[Collected data entries]
***
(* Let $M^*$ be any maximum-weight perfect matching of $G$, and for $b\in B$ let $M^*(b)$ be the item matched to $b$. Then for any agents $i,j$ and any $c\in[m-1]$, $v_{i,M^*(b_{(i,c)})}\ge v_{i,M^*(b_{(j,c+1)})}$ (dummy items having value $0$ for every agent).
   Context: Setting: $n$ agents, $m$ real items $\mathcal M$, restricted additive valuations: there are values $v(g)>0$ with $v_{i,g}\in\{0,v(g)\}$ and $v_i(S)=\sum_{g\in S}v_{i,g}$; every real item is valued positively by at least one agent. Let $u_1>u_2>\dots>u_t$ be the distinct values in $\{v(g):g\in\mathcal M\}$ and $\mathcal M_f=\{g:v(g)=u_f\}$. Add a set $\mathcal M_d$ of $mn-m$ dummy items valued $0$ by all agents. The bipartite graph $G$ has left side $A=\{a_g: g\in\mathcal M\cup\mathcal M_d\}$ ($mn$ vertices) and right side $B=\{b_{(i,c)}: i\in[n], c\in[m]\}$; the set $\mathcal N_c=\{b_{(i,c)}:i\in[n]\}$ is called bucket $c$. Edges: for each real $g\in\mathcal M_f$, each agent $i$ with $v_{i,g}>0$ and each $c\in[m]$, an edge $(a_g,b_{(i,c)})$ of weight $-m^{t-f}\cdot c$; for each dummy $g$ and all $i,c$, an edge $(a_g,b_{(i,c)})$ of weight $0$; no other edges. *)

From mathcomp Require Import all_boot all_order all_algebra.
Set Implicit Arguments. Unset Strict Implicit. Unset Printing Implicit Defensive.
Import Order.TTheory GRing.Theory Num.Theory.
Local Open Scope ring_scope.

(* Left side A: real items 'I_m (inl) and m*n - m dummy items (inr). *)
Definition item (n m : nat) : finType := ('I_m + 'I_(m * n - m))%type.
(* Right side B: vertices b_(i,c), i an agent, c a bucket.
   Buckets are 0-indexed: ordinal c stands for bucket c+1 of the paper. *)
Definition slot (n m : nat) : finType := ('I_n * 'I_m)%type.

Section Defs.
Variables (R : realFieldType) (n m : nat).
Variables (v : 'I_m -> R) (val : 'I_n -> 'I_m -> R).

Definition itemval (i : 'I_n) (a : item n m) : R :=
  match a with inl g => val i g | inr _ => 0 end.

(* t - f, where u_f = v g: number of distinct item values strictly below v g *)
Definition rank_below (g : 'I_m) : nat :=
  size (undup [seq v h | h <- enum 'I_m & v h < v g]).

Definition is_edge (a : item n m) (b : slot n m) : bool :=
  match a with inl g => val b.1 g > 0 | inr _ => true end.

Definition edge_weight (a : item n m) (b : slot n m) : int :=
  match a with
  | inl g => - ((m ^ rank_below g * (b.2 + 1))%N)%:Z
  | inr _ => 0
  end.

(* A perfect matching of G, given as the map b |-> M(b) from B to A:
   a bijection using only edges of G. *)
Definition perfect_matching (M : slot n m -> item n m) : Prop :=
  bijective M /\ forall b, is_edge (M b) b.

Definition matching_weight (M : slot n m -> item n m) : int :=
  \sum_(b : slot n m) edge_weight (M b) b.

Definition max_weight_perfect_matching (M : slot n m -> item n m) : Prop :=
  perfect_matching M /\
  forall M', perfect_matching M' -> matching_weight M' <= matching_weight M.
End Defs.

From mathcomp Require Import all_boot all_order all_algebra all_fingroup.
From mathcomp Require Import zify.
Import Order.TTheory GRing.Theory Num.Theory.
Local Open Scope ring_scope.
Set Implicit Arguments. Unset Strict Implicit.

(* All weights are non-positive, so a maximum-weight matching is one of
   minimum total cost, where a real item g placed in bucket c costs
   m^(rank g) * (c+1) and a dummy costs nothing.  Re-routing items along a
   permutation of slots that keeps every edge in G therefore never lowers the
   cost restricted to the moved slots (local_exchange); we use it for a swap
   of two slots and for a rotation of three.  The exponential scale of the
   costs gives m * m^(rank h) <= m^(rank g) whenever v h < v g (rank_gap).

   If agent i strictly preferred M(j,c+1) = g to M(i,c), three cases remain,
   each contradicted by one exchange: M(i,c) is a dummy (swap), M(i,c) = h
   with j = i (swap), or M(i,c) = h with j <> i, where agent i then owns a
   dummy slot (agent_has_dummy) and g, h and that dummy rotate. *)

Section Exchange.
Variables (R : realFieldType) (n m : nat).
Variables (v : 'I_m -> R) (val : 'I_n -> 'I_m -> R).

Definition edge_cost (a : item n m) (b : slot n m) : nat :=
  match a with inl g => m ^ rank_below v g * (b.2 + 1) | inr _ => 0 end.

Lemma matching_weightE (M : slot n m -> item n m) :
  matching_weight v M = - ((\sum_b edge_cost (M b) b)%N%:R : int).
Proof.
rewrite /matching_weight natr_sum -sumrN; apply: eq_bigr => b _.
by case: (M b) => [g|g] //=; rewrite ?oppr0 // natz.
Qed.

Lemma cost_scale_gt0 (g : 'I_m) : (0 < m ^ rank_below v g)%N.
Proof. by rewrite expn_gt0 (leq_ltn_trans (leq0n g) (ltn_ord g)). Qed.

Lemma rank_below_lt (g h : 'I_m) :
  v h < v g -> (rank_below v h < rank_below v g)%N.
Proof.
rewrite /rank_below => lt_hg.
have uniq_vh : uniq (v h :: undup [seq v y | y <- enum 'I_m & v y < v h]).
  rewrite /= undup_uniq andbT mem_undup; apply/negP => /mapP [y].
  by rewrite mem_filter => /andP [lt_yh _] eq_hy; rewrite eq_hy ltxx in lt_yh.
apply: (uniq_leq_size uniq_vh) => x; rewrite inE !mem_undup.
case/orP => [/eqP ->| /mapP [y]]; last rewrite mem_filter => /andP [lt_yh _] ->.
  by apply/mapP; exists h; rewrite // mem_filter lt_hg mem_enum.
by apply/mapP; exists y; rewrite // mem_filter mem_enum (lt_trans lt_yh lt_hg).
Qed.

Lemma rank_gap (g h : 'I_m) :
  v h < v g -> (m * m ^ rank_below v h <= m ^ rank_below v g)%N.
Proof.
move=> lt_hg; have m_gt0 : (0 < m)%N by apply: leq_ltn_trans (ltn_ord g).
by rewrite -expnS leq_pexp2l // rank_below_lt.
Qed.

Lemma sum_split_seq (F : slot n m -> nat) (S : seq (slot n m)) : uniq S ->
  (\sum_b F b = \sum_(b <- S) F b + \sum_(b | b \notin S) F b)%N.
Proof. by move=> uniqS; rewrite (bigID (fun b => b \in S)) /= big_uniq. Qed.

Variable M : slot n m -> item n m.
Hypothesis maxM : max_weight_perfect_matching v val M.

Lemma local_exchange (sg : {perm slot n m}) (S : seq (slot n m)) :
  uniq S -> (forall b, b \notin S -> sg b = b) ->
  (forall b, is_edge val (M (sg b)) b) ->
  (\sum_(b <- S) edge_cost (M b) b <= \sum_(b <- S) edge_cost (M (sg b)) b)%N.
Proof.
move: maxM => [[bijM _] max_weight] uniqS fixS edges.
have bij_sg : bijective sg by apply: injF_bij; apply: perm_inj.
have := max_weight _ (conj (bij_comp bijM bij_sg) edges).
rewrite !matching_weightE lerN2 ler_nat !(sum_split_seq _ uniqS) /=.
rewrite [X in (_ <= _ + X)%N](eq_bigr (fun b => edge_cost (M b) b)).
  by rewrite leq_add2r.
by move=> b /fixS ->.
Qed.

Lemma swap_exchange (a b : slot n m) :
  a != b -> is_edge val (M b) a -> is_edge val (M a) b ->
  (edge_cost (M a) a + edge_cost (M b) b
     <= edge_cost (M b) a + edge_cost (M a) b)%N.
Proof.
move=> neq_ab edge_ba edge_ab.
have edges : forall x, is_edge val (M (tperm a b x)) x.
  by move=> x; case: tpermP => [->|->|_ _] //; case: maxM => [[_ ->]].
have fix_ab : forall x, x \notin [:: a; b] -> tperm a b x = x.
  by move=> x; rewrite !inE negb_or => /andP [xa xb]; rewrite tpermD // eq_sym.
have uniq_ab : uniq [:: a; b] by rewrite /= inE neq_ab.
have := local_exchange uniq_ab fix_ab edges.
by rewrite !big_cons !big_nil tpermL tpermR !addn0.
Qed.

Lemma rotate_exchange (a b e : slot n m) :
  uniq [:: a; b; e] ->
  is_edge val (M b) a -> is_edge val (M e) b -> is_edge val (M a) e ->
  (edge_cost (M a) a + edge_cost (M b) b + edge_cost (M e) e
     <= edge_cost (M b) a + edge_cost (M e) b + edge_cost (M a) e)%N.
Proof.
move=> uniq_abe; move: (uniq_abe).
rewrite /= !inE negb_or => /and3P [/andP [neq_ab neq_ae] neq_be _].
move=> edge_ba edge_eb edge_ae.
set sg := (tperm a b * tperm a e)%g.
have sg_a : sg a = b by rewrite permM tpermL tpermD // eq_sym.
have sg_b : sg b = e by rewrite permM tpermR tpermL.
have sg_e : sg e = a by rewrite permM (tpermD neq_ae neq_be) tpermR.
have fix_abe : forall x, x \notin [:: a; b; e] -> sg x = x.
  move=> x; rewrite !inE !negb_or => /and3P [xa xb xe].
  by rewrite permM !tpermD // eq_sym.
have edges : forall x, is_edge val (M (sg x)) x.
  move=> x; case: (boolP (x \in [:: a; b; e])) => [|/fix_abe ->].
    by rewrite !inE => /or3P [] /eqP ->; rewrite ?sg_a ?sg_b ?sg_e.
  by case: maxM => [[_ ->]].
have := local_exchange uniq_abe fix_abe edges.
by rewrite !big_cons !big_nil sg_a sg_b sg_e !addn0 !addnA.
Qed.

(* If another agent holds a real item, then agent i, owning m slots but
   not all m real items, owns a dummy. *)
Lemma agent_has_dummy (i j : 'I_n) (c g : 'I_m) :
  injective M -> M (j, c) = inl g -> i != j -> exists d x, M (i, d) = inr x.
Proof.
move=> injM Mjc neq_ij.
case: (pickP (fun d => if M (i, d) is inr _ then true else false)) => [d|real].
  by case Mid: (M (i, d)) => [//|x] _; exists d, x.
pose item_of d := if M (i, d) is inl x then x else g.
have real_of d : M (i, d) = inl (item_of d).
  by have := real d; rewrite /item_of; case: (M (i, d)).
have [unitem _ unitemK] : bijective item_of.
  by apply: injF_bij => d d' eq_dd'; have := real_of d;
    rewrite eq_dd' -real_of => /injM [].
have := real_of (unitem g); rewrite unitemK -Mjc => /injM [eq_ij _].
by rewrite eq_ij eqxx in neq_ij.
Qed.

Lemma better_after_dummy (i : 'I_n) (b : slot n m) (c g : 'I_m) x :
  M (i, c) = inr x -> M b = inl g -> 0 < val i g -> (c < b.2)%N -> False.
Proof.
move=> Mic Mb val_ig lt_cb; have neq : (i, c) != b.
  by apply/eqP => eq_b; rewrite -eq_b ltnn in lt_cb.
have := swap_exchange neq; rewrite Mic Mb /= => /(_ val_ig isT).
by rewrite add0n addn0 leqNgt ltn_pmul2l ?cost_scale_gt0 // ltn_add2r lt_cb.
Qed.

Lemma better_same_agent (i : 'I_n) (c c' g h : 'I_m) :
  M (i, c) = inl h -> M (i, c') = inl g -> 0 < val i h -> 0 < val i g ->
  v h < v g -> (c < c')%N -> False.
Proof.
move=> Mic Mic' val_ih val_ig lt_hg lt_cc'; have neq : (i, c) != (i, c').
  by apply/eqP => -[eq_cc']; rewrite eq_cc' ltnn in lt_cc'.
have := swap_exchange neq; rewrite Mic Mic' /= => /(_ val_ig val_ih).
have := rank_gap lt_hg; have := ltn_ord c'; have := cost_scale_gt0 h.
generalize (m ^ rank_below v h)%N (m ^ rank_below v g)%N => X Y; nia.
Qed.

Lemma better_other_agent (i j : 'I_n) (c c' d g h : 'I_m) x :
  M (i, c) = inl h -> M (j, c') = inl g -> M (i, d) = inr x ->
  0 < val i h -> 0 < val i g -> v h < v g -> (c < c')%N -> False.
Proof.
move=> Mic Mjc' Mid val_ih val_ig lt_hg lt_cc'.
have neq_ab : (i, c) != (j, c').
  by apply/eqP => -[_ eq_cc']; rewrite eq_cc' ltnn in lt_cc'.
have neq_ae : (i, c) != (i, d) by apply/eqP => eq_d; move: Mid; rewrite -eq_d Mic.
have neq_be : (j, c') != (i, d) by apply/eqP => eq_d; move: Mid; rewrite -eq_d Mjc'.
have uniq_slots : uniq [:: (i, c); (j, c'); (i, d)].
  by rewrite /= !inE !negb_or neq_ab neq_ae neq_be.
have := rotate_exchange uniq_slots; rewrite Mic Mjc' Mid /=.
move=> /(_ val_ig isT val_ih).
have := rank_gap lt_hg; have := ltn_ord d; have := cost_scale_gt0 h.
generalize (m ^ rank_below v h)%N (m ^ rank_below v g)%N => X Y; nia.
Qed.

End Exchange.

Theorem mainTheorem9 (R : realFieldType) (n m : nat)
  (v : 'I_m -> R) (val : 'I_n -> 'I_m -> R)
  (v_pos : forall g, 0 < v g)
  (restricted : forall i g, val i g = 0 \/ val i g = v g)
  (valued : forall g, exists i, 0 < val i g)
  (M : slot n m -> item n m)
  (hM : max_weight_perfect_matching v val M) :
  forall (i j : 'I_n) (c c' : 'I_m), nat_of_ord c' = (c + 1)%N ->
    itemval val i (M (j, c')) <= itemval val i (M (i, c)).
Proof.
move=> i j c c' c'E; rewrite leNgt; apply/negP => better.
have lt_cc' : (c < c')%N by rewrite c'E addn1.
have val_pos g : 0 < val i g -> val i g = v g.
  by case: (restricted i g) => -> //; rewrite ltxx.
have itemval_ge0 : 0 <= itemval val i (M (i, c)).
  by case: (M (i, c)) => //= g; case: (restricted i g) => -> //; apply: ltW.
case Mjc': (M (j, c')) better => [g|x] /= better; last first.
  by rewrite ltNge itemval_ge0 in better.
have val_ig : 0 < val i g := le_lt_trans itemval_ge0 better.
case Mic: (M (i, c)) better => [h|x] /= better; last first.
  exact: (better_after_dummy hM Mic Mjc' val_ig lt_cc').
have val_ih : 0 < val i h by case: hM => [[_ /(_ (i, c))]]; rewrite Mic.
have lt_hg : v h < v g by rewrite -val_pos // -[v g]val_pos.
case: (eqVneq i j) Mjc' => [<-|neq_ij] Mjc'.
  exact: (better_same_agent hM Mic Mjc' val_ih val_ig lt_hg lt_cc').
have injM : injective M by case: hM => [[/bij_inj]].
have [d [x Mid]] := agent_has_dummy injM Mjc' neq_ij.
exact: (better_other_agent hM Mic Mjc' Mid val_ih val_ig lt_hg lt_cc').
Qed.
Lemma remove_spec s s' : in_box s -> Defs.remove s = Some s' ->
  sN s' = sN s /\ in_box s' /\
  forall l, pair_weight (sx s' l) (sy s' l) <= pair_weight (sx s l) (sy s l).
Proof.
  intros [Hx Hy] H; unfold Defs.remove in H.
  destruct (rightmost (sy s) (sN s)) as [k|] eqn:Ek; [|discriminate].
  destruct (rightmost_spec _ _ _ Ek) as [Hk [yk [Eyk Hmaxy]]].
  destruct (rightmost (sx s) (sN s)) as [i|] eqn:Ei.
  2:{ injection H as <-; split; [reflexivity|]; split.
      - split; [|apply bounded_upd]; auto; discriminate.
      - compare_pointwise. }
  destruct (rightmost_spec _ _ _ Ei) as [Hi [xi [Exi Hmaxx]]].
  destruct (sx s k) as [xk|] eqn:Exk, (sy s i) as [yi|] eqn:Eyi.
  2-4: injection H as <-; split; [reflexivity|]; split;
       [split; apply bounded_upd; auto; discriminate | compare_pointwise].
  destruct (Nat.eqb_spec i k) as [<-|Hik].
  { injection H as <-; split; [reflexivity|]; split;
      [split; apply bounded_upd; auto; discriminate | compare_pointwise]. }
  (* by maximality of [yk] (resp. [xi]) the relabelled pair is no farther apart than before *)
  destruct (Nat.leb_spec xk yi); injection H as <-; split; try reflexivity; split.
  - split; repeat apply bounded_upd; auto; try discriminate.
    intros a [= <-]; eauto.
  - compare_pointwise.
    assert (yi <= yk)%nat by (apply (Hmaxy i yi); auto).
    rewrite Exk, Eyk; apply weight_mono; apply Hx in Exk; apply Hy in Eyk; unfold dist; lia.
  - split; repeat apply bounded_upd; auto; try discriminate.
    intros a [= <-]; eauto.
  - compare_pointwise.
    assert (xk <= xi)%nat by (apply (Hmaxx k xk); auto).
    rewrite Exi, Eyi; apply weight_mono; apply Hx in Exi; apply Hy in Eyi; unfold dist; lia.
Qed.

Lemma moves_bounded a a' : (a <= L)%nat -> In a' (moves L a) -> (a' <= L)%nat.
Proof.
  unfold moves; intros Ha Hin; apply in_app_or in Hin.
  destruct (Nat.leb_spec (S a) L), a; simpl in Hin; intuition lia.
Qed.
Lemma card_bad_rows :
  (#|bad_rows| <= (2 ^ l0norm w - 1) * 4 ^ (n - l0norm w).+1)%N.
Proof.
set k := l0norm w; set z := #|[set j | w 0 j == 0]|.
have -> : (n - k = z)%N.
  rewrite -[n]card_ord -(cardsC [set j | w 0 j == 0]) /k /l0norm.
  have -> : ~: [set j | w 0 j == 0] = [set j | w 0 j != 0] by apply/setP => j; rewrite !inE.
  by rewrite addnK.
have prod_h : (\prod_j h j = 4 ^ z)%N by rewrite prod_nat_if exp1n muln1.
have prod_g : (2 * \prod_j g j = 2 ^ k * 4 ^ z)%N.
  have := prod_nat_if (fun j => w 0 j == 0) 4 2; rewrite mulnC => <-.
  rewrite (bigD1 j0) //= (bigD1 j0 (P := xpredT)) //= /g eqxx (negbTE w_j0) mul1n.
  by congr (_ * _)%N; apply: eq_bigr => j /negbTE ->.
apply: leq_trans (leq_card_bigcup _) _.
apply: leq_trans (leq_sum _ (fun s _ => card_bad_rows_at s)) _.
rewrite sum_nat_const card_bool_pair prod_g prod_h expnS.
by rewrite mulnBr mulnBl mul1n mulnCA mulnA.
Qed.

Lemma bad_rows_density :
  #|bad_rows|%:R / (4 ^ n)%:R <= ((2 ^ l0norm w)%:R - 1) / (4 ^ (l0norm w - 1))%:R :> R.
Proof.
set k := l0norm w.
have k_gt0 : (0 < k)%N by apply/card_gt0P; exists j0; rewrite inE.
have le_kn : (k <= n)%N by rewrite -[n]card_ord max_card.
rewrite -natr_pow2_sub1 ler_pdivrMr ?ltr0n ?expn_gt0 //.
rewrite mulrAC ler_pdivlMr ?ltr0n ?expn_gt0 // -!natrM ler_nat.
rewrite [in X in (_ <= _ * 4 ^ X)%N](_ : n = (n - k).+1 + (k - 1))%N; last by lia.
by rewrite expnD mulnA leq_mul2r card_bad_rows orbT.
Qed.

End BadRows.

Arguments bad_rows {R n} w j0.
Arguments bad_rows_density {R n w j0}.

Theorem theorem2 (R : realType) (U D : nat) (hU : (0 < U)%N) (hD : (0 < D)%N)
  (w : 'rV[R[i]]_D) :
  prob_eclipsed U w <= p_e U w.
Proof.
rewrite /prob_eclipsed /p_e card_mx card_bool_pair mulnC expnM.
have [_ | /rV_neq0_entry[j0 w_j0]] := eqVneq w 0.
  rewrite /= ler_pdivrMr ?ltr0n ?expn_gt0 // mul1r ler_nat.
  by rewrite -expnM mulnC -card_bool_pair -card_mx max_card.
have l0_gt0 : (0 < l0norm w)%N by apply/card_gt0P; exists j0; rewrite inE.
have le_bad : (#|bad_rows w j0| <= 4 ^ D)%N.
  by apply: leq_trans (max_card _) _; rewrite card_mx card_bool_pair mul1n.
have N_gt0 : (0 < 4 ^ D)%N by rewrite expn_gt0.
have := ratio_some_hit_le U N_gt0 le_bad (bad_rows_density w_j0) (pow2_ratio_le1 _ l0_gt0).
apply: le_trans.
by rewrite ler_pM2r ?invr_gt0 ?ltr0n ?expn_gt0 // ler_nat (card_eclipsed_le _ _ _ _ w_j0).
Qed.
***
## EXERCISE OBJECTIVE:
Starting at the first line of the data above, retype each line exactly until you reach the line containing "(* Right side", and include that line too.

## THE COMPLETED TASK:
(* Let $M^*$ be any maximum-weight perfect matching of $G$, and for $b\in B$ let $M^*(b)$ be the item matched to $b$. Then for any agents $i,j$ and any $c\in[m-1]$, $v_{i,M^*(b_{(i,c)})}\ge v_{i,M^*(b_{(j,c+1)})}$ (dummy items having value $0$ for every agent).
   Context: Setting: $n$ agents, $m$ real items $\mathcal M$, restricted additive valuations: there are values $v(g)>0$ with $v_{i,g}\in\{0,v(g)\}$ and $v_i(S)=\sum_{g\in S}v_{i,g}$; every real item is valued positively by at least one agent. Let $u_1>u_2>\dots>u_t$ be the distinct values in $\{v(g):g\in\mathcal M\}$ and $\mathcal M_f=\{g:v(g)=u_f\}$. Add a set $\mathcal M_d$ of $mn-m$ dummy items valued $0$ by all agents. The bipartite graph $G$ has left side $A=\{a_g: g\in\mathcal M\cup\mathcal M_d\}$ ($mn$ vertices) and right side $B=\{b_{(i,c)}: i\in[n], c\in[m]\}$; the set $\mathcal N_c=\{b_{(i,c)}:i\in[n]\}$ is called bucket $c$. Edges: for each real $g\in\mathcal M_f$, each agent $i$ with $v_{i,g}>0$ and each $c\in[m]$, an edge $(a_g,b_{(i,c)})$ of weight $-m^{t-f}\cdot c$; for each dummy $g$ and all $i,c$, an edge $(a_g,b_{(i,c)})$ of weight $0$; no other edges. *)

From mathcomp Require Import all_boot all_order all_algebra.
Set Implicit Arguments. Unset Strict Implicit. Unset Printing Implicit Defensive.
Import Order.TTheory GRing.Theory Num.Theory.
Local Open Scope ring_scope.

(* Left side A: real items 'I_m (inl) and m*n - m dummy items (inr). *)
Definition item (n m : nat) : finType := ('I_m + 'I_(m * n - m))%type.
(* Right side B: vertices b_(i,c), i an agent, c a bucket.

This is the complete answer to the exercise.